Use slower machines for development, with the risk of upsetting the devs, but keeping them focussed on what really matters.
Put 2 machines on the devs desk AND FORCE THEM TO TEST ON THE CLUNKER (which they wont do because it is beneath contempt.... but at least its very clear then if there are performance problems in test).
Remember batch systems and punch cards? People waited an hour or a day for turnaround. Stuff got done.
Remember old unix systems with 5 MHz processors? Things got done.
Techo-geeks love chasing the bleeding edge. This encourages tinkering, not thinking. Something I've had arguments about with more juniour developers over the years.... when I urge them to get fingers away from the keyboard and spend more time reading the code and thinking.
In development of code, there is no substitute for thinking.
In this case, my feeling is - figure out WHAT REALLY MATTERS. Success of the project?
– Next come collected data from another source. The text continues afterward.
Definition grid_broadcast : broadcast ('I_m * 'I_n)%type :=
  [ffun u : 'I_m * 'I_n => inord (entry s u.1 u.2)].

Hypothesis s_le2 : all (all (leq^~ 2)) s.

Lemma grid_broadcastE u : grid_broadcast u = entry s u.1 u.2 :> nat.
Proof. by rewrite ffunE inordK // ltnS entry_le. Qed.

Lemma cost_grid_broadcast : all (fun col => size col == m) s -> cost grid_broadcast = total s.
Proof. by move=> cols_m; rewrite /cost (eq_bigr _ (fun u _ => grid_broadcastE u)) sum_entry. Qed.

Lemma grid_broadcast_dominating :
  (forall c, c < n -> center_covered m (window s c)) -> dominating adj grid_broadcast.
Proof.
move=> cov; apply/forallP => -[i c].
have /allP /(_ i) := cov c (ltn_ord c); rewrite mem_iota ltn_ord => /(_ isT).
case/hasP => i'; rewrite mem_iota add0n => /andP [_ lt_i'] /hasP [d].
rewrite mem_iota add0n => /andP [_ lt_d].
rewrite entry_window // entry_pad; case: (ltnP (c + d) 2) => // le_2 /andP [pos near].
have lt_j : c + d - 2 < n.
  have [le_j|//] := leqP n (c + d - 2).
  by move: pos; rewrite /entry (nth_default [::]) ?size_s // nth_nil.
apply/existsP; exists (Ordinal lt_i', Ordinal lt_j).
rewrite /hears grid_broadcastE /= pos within_grid /grid_dist /=.
by move: near; lia.
Qed.

Lemma ball_weight_window v k : k <= 2 ->
  \sum_(u | within adj k u v) entry s u.1 u.2 = ball_weight m (window s v.2) v.1 k.
Proof.
move=> le_k2; rewrite big_mkcond /=.
transitivity (\sum_(u : 'I_m * 'I_n) (`|u.1 - v.1| + `|u.2 - v.2| <= k) * entry s u.1 u.2).
  by apply: eq_bigr => u _; rewrite within_grid /grid_dist; case: ifP; rewrite ?mul1n.
rewrite -(pair_bigA _ (fun (i : 'I_m) (j : 'I_n) =>
  (`|i - v.1| + `|j - v.2| <= k) * entry s i j)) /= /ball_weight big_mkord.
apply: eq_bigr => i' _.
rewrite (@sum_window (fun j => entry s i' j) (fun e => `|i' - v.1| + e <= k)) //.
- by apply: eq_big_nat => d /andP [_ lt_d]; rewrite entry_window // entry_pad.
- by move=> j; rewrite -size_s => le_j; rewrite /entry (nth_default [::] le_j) nth_nil.
- by move=> e lt_e; rewrite leqNgt ltn_addl // (leq_ltn_trans le_k2 lt_e).
Qed.

End GridFunctions.

Definition grid_weight (n : nat) : seq (seq nat) :=
  [:: [:: 5; 2; 2; 5]; [:: 2; 0; 0; 2]] ++ nseq (n - 4) [:: 3; 1; 1; 3] ++
  [:: [:: 2; 0; 0; 2]; [:: 5; 2; 2; 5]].

Definition light_balls (w : seq (seq nat)) : bool :=
  all (fun i => all (fun k => ball_weight 4 w i k <= 10 * k) [:: 1; 2]) (iota 0 4).

Lemma total_grid_weight n : 4 <= n -> total (grid_weight n) = 8 * n + 4.
Proof. by move=> le4n; rewrite /total !map_cat !sumn_cat map_nseq sumn_nseq /=; lia. Qed.

Lemma grid_weight_light_balls n : 4 <= n -> all light_balls (windows (grid_weight n)).
Proof.
move=> /subnK <-; move: (n - 4) => q.
have -> : grid_weight (q + 4) = [:: [:: 5; 2; 2; 5]; [:: 2; 0; 0; 2]] ++
    flatten (nseq q [:: [:: 3; 1; 1; 3]]) ++ [:: [:: 2; 0; 0; 2]; [:: 5; 2; 2; 5]].
  by rewrite /grid_weight addnK; congr (_ ++ (_ ++ _)); elim: q => //= q ->.
apply: (all_windows_rep (q0 := 5)) => // {}q le_q5.
have small : all (fun q => all light_balls (windows ([:: [:: 5; 2; 2; 5]; [:: 2; 0; 0; 2]] ++
    flatten (nseq q [:: [:: 3; 1; 1; 3]]) ++ [:: [:: 2; 0; 0; 2]; [:: 5; 2; 2; 5]])))
    (iota 0 6).
  by rewrite /light_balls /ball_weight unlock; vm_compute.
by apply: (allP small); rewrite mem_iota.
Qed.

Lemma grid_cost_lower n f : 4 <= n -> dominating (@grid_adj n) f -> 8 * n + 4 <= 10 * cost f.
Proof.
move=> le4n domf; have size_w : size (grid_weight n) = n.
  by rewrite !size_cat size_nseq /=; lia.
rewrite -total_grid_weight // -(@sum_entry 4 n _ size_w); last first.
  by rewrite !all_cat all_nseq /= orbT.
apply: (weight_le_cost domf) => v pos_fv; have le_fv2 : f v <= 2 by rewrite -ltnS.
rewrite (ball_weight_window _ _ le_fv2) //.
have /allP /(_ v.1) : light_balls (window (grid_weight n) v.2).
  by apply: (allP (grid_weight_light_balls le4n)); apply: map_f; rewrite mem_iota size_w /=.
rewrite mem_iota ltn_ord => /(_ isT) /allP; apply.
by move: pos_fv le_fv2; case: (f v : nat) => [|[|[|]]].
Qed.

Lemma c_tab_le r : r < 10 -> 10 * c_tab r <= 8 * r + 13.
Proof. by case: r => [|[|[|[|[|[|[|[|[|[|]]]]]]]]]]. Qed.

Lemma gamma_b2_grid_lower n : 4 <= n ->
  8 * (n %/ 10) + c_tab (n %% 10) <= gamma_b2 (@grid_adj n).
Proof.
move=> le4n; apply: leq_gamma_b2 => f domf.
have := grid_cost_lower le4n domf; have := c_tab_le (ltn_pmod n (isT : 0 < 10)).
have := divn_eq n 10; lia.
Qed.

Definition columns (rows : seq (seq nat)) : seq (seq nat) :=
  [seq [seq nth 0 x j | x <- rows] | j <- iota 0 (size (head [::] rows))].

(* Tables are written row by row.  [grid_pattern rho q] is the column [0; 1; 0; 0],
   q blocks of cost 8 and an end block; it has 10 q + rho columns for rho = 4, 5, 9
   and 10 (q + 1) + 1 columns for rho = 1. *)
Definition left_end : seq (seq nat) := [:: [:: 0; 1; 0; 0]].

Definition period : seq (seq nat) := columns
  [:: [:: 0; 1; 0; 0; 0; 1; 0; 0; 0; 0];
      [:: 0; 0; 0; 0; 0; 0; 0; 0; 2; 0];
      [:: 0; 0; 0; 2; 0; 0; 0; 0; 0; 0];
      [:: 1; 0; 0; 0; 0; 0; 1; 0; 0; 0]].

Definition right_end (rho : nat) : seq (seq nat) := columns
  match rho with
  | 1 => [:: [:: 0; 1; 0; 0; 0; 0; 2; 0; 0; 0];
             [:: 0; 0; 0; 0; 0; 0; 0; 0; 0; 1];
             [:: 0; 0; 0; 2; 0; 0; 0; 0; 0; 0];
             [:: 1; 0; 0; 0; 0; 0; 0; 2; 0; 0]]
  | 4 => [:: [:: 0; 1; 0];
             [:: 0; 0; 0];
             [:: 0; 0; 1];
             [:: 1; 0; 0]]
  | 5 => [:: [:: 0; 1; 0; 0];
             [:: 0; 0; 0; 1];
             [:: 0; 0; 0; 0];
             [:: 0; 2; 0; 0]]
  | 9 => [:: [:: 0; 1; 0; 0; 0; 1; 0; 0];
             [:: 0; 0; 0; 0; 0; 0; 0; 1];
             [:: 0; 0; 0; 2; 0; 0; 0; 0];
             [:: 1; 0; 0; 0; 0; 0; 1; 0]]
  | _ => [::]
  end.

Definition grid_pattern (rho q : nat) : seq (seq nat) :=
  left_end ++ flatten (nseq q period) ++ right_end rho.

Lemma total_cat s t : total (s ++ t) = total s + total t.
Proof. by rewrite /total map_cat sumn_cat. Qed.

Lemma total_flatten_nseq q p : total (flatten (nseq q p)) = total p * q.
Proof. by elim: q => [|q IH]; rewrite ?muln0 //= total_cat IH mulnS. Qed.

Lemma size_grid_pattern rho q : size (grid_pattern rho q) = 10 * q + size (right_end rho) + 1.
Proof. by rewrite !size_cat size_flatten_nseq [size left_end]/= [size period]/=; lia. Qed.

Lemma total_grid_pattern rho q : total (grid_pattern rho q) = 8 * q + total (right_end rho) + 1.
Proof.
have [left_1 period_8] : total left_end = 1 /\ total period = 8 by [].
by rewrite !total_cat total_flatten_nseq left_1 period_8; lia.
Qed.

Lemma grid_pattern_shape rho q : rho \in [:: 1; 4; 5; 9] ->
  all (fun col => size col == 4) (grid_pattern rho q) /\ all (all (leq^~ 2)) (grid_pattern rho q).
Proof.
by rewrite !all_cat !all_flatten_nseq !inE => /or4P [] /eqP ->; rewrite !orbT.
Qed.

Lemma grid_pattern_center_covered rho q : rho \in [:: 1; 4; 5; 9] ->
  all (center_covered 4) (windows (grid_pattern rho q)).
Proof.
move=> rho_in; apply: (all_windows_rep (q0 := 2)) => // {}q le_q2.
have small : all (fun rho => all (fun q => all (center_covered 4) (windows (grid_pattern rho q)))
    (iota 0 3)) [:: 1; 4; 5; 9] by vm_compute.
by apply: (allP (allP small _ rho_in)); rewrite mem_iota.
Qed.

Lemma grid_pattern_fit n : 4 <= n -> n %% 10 \in [:: 1; 4; 5; 9] ->
  exists q, size (grid_pattern (n %% 10) q) = n /\
            total (grid_pattern (n %% 10) q) = 8 * (n %/ 10) + c_tab (n %% 10).
Proof.
move=> le4n rho_in; exists (n %/ 10 - (n %% 10 == 1)).
have [] : [/\ total (right_end 1) = 9, total (right_end 4) = 3,
            total (right_end 5) = 4 & total (right_end 9) = 7] by [].
rewrite size_grid_pattern total_grid_pattern /c_tab; have := divn_eq n 10.
by move: rho_in; rewrite !inE => /or4P [] /eqP -> /=; lia.
Qed.

Lemma gamma_b2_grid_upper n : 4 <= n -> n %% 10 \in [:: 1; 4; 5; 9] ->
  gamma_b2 (@grid_adj n) <= 8 * (n %/ 10) + c_tab (n %% 10).
Proof.
move=> le4n rho_in; have [q [size_q total_q]] := grid_pattern_fit le4n rho_in.
have [sizes le2] := grid_pattern_shape q rho_in.
rewrite -total_q -(cost_grid_broadcast size_q le2 sizes).
apply/gamma_b2_le_cost/(grid_broadcast_dominating size_q le2) => c lt_cn.
by apply: (allP (grid_pattern_center_covered q rho_in)); apply: map_f; rewrite mem_iota size_q.
Qed.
Is this a company making / killing exercise? If it is, you can't afford to fail. You can't afford to blow money on things that fail in test. Because test is too late in the development cycle, the impacts of failure are found too late.
[A bug found in test costs about 10x as much to fix as a bug found by a dev during development.
And a bug found in test costs about 100x as much to fix as that bug being designed out during the architectural design phase.]
If this is not a deal breaker, and you have time and money to burn, then use the bleeding edge development environment, and suffer the hell of test failures. Otherwise, find another way. Lower end h/w, or 2 machines on each desk.